The sultan having granted this request, Sahaba and her son Abdelmalik, went back to Algiers where his son gave the inhabitants of this city the letter in which the sultan ordered them to leave with him, and help him reconquer the throne. The Algerians asked Abdelmalik to pay them their balance, he asked them to give him credit until the expedition was completed, but it was agreed that he give, at each stage, a sum of 10,000 coins to the Turkish army which he took with him and which consisted of 4000 men. According to the Dorret commentary, Abdelmalek would have asked the Bey of Algiers for only a weak escort to accompany him to the Moroccan border, request to which the Bey acceded. After which Abdelmalik overthrew his nephew in 1576 and was proclaimed sultan of Morocco.

== Descendants ==
Sahaba and Mohammed al-Shaykh had several children:

- Abd al-Mumin al-Sâadi; he was assassinated in Tlemcen in 1572. He married the Sayyida Oum Daoud al-Ghâzi of Tidli.

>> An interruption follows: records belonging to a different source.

Lemma Lip_le_inf_on a b F m c d : a < b -> 0 < m -> c <= d ->
  Rbar_le (Rbar_mult (Finite (/ m)) (Lip a b F)) (inf_on c d F) ->
  exists L, Lip a b F = Finite L /\ 0 <= L /\ forall z, c <= z <= d -> / m * L <= F z.
Proof.
  intros Hab Hm Hcd H.
  assert (Hle : forall z, c <= z <= d ->
            Rbar_le (Rbar_mult (Finite (/ m)) (Lip a b F)) (Finite (F z)))
    by (intros z Hz; eapply Rbar_le_trans; [apply H | apply inf_on_le, Hz]).
  assert (Hm0 : 0 < / m) by (apply Rinv_0_lt_compat, Hm).
  destruct (Lip_pinfty_or_nonneg a b F Hab) as [E | [L [E HL]]].
  - exfalso. specialize (Hle c ltac:(lra)). rewrite E in Hle.
    unfold Rbar_mult, Rbar_mult' in Hle.
    destruct (Rle_dec 0 (/ m)) as [Hm1|Hm1]; [|lra].
    destruct (Rle_lt_or_eq_dec 0 (/ m) Hm1); [exact Hle | lra].
  - exists L. split; [exact E|]. split; [exact HL|]. intros z Hz.
    specialize (Hle z Hz). rewrite E in Hle. exact Hle.
Qed.

Lemma Lipschitz_doubling a b F L m u z : a <= u -> u <= z -> z <= b -> z - u <= / m ->
  (forall y y', a <= y <= b -> a <= y' <= b -> Rabs (F y - F y') <= L * Rabs (y - y')) ->
  0 <= L -> / m * L <= F u -> / m * L <= F z ->
  forall y, u <= y <= z -> F y <= 2 * F u /\ F y <= 2 * F z.
Proof.
  intros Hau Huz Hzb Hlen HL HL0 Hu Hz y Hy.
  assert (HLlen : L * (z - u) <= / m * L)
    by (rewrite (Rmult_comm (/ m)); apply Rmult_le_compat_l; lra).
  pose proof (HL y u ltac:(lra) ltac:(lra)); pose proof (HL y z ltac:(lra) ltac:(lra)).
  rewrite (Rabs_right (y - u)) in * by lra. rewrite (Rabs_left1 (y - z)) in * by lra.
  pose proof (Rle_abs (F y - F u)); pose proof (Rle_abs (F y - F z)).
  split; nra.
Qed.
(* The sets $R_s$, $R_b$, $R_t$ are non-empty. Moreover: (i) $R_s$ contains a neighborhood (relative to $[0,1]^2$) of $\boldsymbol h=(h_1,h_2)$; (ii) $R_b\cap([h_1,1]\times[h_2,1])=\emptyset$; for every $m_1\in[0,1]$ there is $\delta>0$ with $(m_1,\epsilon)\in R_b$ for all $\epsilon\in[0,\delta)$; and for every $m_2\in[0,1]$ there is $\delta>0$ with $(\epsilon,m_2)\in R_b$ for all $\epsilon\in[0,\delta)$; (iii) $R_t\cap([0,h_1)\times[0,h_2))=\emptyset$, and there is $\delta>0$ such that $(1-\epsilon,1-\epsilon)\in R_t$ for all $\epsilon\in[0,\delta)$.
   Context: Fix a cumulative distribution function $F$ on $[0,1]^2$ with a density $f$ that has full support on $[0,1]^2$, a constant $c\in(0,1)$ and $\boldsymbol h=(h_1,h_2)\in(0,1)^2$. For $\boldsymbol x,\boldsymbol y\in[0,1]^2$ write $\boldsymbol x\vee\boldsymbol y=(\max\{x_1,y_1\},\max\{x_2,y_2\})$, and for $F(\boldsymbol x)<1$ let $n(\boldsymbol x)=\frac{1}{c(1-F(\boldsymbol x))}$. For $\boldsymbol m\in[0,1]^2$ define $\bar w_s=F(\boldsymbol h)$, $\bar w_b=n(\boldsymbol m)\big(F(\boldsymbol m\vee\boldsymbol h)-F(\boldsymbol m)\big)$ (with $\bar w_b:=0$ if $F(\boldsymbol m)=1$), $\bar w_t=F(\boldsymbol m\vee\boldsymbol h)-F(\boldsymbol m)/n(\boldsymbol h)$, and the regions $R_s=\{\boldsymbol m\in[0,1]^2:\bar w_s\ge\max\{\bar w_b,\bar w_t\}\}$, $R_b=\{\boldsymbol m:\bar w_b>\max\{\bar w_s,\bar w_t\}\}$, $R_t=[0,1]^2\setminus(R_s\cup R_b)$. (Interpretation: these are the maximal wages that single-layer, bottom-automated and top-automated firms can pay when machines rent at $F(\boldsymbol m)$.) *)

From HB Require Import structures.
From mathcomp Require Import all_boot all_order all_algebra.
From mathcomp Require Import all_classical all_reals all_analysis.
Set Implicit Arguments. Unset Strict Implicit. Unset Printing Implicit Defensive.
Import Order.TTheory GRing.Theory Num.Theory.
Local Open Scope classical_set_scope.
Local Open Scope ring_scope.

Section Defs.
Variable R : realType.

Definition leb2 := ((@lebesgue_measure R) \x (@lebesgue_measure R))%E.

Definition mass (f : R * R -> R) (A : set (R * R)) : \bar R :=
  (\int[leb2]_(p in A) (f p)%:E)%E.

Definition unit_square : set (R * R) := `[0, 1] `*` `[0, 1].

Definition is_density_on_square (f : R * R -> R) : Prop :=
  [/\ measurable_fun setT f, (forall p, 0 <= f p),
      mass f setT = 1%E & mass f unit_square = 1%E].

Definition full_support (f : R * R -> R) : Prop :=
  forall p, unit_square p -> forall r : R, 0 < r ->
    (0%E < mass f (`]p.1 - r, p.1 + r[ `*` `]p.2 - r, p.2 + r[)%R)%E.

Definition cdf (f : R * R -> R) (x : R * R) : R :=
  fine (mass f (`]-oo, x.1] `*` `]-oo, x.2])).

Definition vee (x y : R * R) : R * R := (Num.max x.1 y.1, Num.max x.2 y.2).

Definition nn (f : R * R -> R) (c : R) (x : R * R) : R :=
  1 / (c * (1 - cdf f x)).

Definition ws (f : R * R -> R) (h : R * R) : R := cdf f h.

Definition wb (f : R * R -> R) (c : R) (h m : R * R) : R :=
  if cdf f m == 1 then 0
  else nn f c m * (cdf f (vee m h) - cdf f m).

Definition wt (f : R * R -> R) (c : R) (h m : R * R) : R :=
  cdf f (vee m h) - cdf f m / nn f c h.

Definition Rs (f : R * R -> R) (c : R) (h : R * R) : set (R * R) :=
  [set m | unit_square m /\
     Num.max (wb f c h m) (wt f c h m) <= ws f h].

Definition Rb (f : R * R -> R) (c : R) (h : R * R) : set (R * R) :=
  [set m | unit_square m /\
     Num.max (ws f h) (wt f c h m) < wb f c h m].

Definition Rt (f : R * R -> R) (c : R) (h : R * R) : set (R * R) :=
  unit_square `\` (Rs f c h `|` Rb f c h).

End Defs.

(* The measure with density f gives no mass to horizontal and vertical lines,
   so the mass of the two closed strips of half-width r crossing at a point a
   tends to 0 with r.  Quadrants cornered within r of a differ from the one
   cornered at a only inside these strips, which controls F near every point;
   moreover F vanishes on the lower edges of the square, F (1, 1) = 1, and
   full support gives 0 < F h < 1.
   With k = c (1 - F h) one has wt = F (m \/ h) - k F m, and wb = 0 as soon
   as m \/ h = m.  At m = h both wb = 0 and wt = (1 - k) F h lie strictly
   below ws = F h, and this persists near h.  Near the lower edges F m is
   small while F (m \/ h) >= F h, so wb = (F (m \/ h) - F m) / (c (1 - F m))
   exceeds both other wages.  Near (1, 1) wb vanishes while wt = (1 - k) F m
   exceeds F h once F m is close to 1.  Below h, m \/ h = h forces wt <= ws,
   so m lies in Rs or Rb. *)

From Pilot Require Import Defs.
From HB Require Import structures.
From mathcomp Require Import all_boot all_order all_algebra.
From mathcomp Require Import all_classical all_reals all_analysis.
From mathcomp Require Import measurable_realfun lra.
Set Implicit Arguments.
Unset Strict Implicit.
Unset Printing Implicit Defensive.
Import Order.TTheory GRing.Theory Num.Theory.
Local Open Scope classical_set_scope.
Local Open Scope ring_scope.

Lemma nonincreasing_measure_lt d (R : realType) (T : measurableType d)
    (mu : {measure set T -> \bar R}) (F : (set T)^nat) :
  (mu (F 0%N) < +oo)%E -> (forall n, measurable (F n)) -> nonincreasing_seq F ->
  mu (\bigcap_n F n) = 0%E -> forall e, 0 < e -> exists n, (mu (F n) < e%:E)%E.
Proof.
move=> muF0 mF decrF cap0 e e0.
have mcap : measurable (\bigcap_n F n) by exact: bigcapT_measurable.
have := nonincreasing_cvg_mu muF0 mF mcap decrF; rewrite cap0 => /fine_cvgP[_ cvF].
have [N _ /(_ N (leqnn N)) /= muFN] := cvgr_lt _ cvF _ e0.
exists N; rewrite -(fineK (_ : mu (F N) \is a fin_num)) ?lte_fin // ge0_fin_numE //.
by apply: le_lt_trans muF0; apply: le_measure; rewrite ?inE //; exact/subsetPset/decrF.
Qed.

Section DensityMeasure.
Variables (R : realType) (f : R * R -> R).
Hypotheses (mf : measurable_fun setT f) (f0 : forall p, 0 <= f p).

Definition density_measure := mass f.

Let mu0 : density_measure set0 = 0%E.
Proof. exact: integral_set0. Qed.

Let mu_ge0 A : (0 <= density_measure A)%E.
Proof. by apply: integral_ge0 => x _; rewrite lee_fin. Qed.

Let mu_sigma_additive : semi_sigma_additive density_measure.
Proof.
apply: (@semi_sigma_additive_nng_induced _ _ _ (@leb2 R) (EFin \o f)).
  exact/measurable_EFinP.
by move=> x; rewrite lee_fin.
Qed.

HB.instance Definition _ := isMeasure.Build _ _ _ density_measure
  mu0 mu_ge0 mu_sigma_additive.

Local Notation mu := density_measure.

Definition axes (a : R * R) : set (R * R) :=
  [set a.1] `*` setT `|` setT `*` [set a.2].

Lemma measurable_axes a : measurable (axes a).
Proof. by apply: measurableU; exact: measurableX. Qed.

Lemma leb2_axes a : leb2 (axes a) = 0%E.
Proof.
have vline0 : leb2 ([set a.1] `*` setT) = 0%E.
  rewrite /leb2 product_measure1E //.
  by rewrite -[X in (X * _)%E]/(lebesgue_measure [set a.1]) lebesgue_measure_set1 mul0e.
have hline0 : leb2 (setT `*` [set a.2]) = 0%E.
  rewrite /leb2 product_measure1E //.
  by rewrite -[X in (_ * X)%E]/(lebesgue_measure [set a.2]) lebesgue_measure_set1 mule0.
apply/le_anti; rewrite measure_ge0 andbT -(adde0 0%E) -{1}vline0 -hline0.
by apply: measureU2; exact: measurableX.
Qed.

Lemma density_measure_axes a : mu (axes a) = 0%E.
Proof.
apply: null_set_integral; [exact: measurable_axes | | exact: leb2_axes].
by apply/measurable_EFinP; exact: measurable_funS mf.
Qed.

Hypothesis mass_setT : mass f setT = 1%E.

Definition pr A := fine (mu A).

Lemma muE A : measurable A -> mu A = (pr A)%:E.
Proof.
move=> mA; rewrite /pr fineK // ge0_fin_numE //.
apply: (@le_lt_trans _ _ (mu setT)); last by rewrite [mu setT]mass_setT ltry.
by apply: le_measure; rewrite ?inE.
Qed.

Lemma pr_ge0 A : 0 <= pr A.
Proof. exact: fine_ge0. Qed.

Lemma le_pr A B : measurable A -> measurable B -> A `<=` B -> pr A <= pr B.
Proof. by move=> mA mB AB; rewrite -lee_fin -!muE //; apply: le_measure; rewrite ?inE. Qed.

Lemma pr_le1 A : measurable A -> pr A <= 1.
Proof.
move=> mA; have := le_pr mA measurableT (@subsetT _ A).
by rewrite /pr [mu setT]mass_setT.
Qed.

Lemma prU_le A B : measurable A -> measurable B -> pr (A `|` B) <= pr A + pr B.
Proof.
move=> mA mB; rewrite -lee_fin EFinD -!muE //; last exact: measurableU.
exact: measureU2.
Qed.

Lemma prU A B : measurable A -> measurable B -> A `&` B = set0 ->
  pr (A `|` B) = pr A + pr B.
Proof.
move=> mA mB AB0; apply: EFin_inj; rewrite EFinD -!muE //; last exact: measurableU.
exact: measureU.
Qed.

Definition cross (a : R * R) (r : R) : set (R * R) :=
  `[a.1 - r, a.1 + r] `*` setT `|` setT `*` `[a.2 - r, a.2 + r].

Lemma measurable_cross a r : measurable (cross a r).
Proof. by apply: measurableU; exact: measurableX. Qed.

Lemma subset_cross a r s : r <= s -> cross a r `<=` cross a s.
Proof.
move=> rs; have sub_itv x : `[x - r, x + r] `<=` `[x - s, x + s].
  by move=> y /=; rewrite !in_itv /= => /andP[]; lra.
by move=> p [] [p1 p2]; [left | right]; split => //; exact: sub_itv.
Qed.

Their child is Prince Daoud al-Saadi;
- Lalla Aicha al-Sâadiya, born in 1533;
- Lalla Fatima Zahra al-Sâadiya, born 1537. She is buried at the Saadian Tombs in Marrakesh;
- Sultan Abu Marwan Abd al-Malik; he married Zahara bint Agi Morato the daughter of Haci Murad the Ottoman governor of Médéa. After the death of her husband during the Battle of Alcácer Quibir, Zahara remarried Hassan Pasha, governor general of Algeria and then Kapudan Pasha.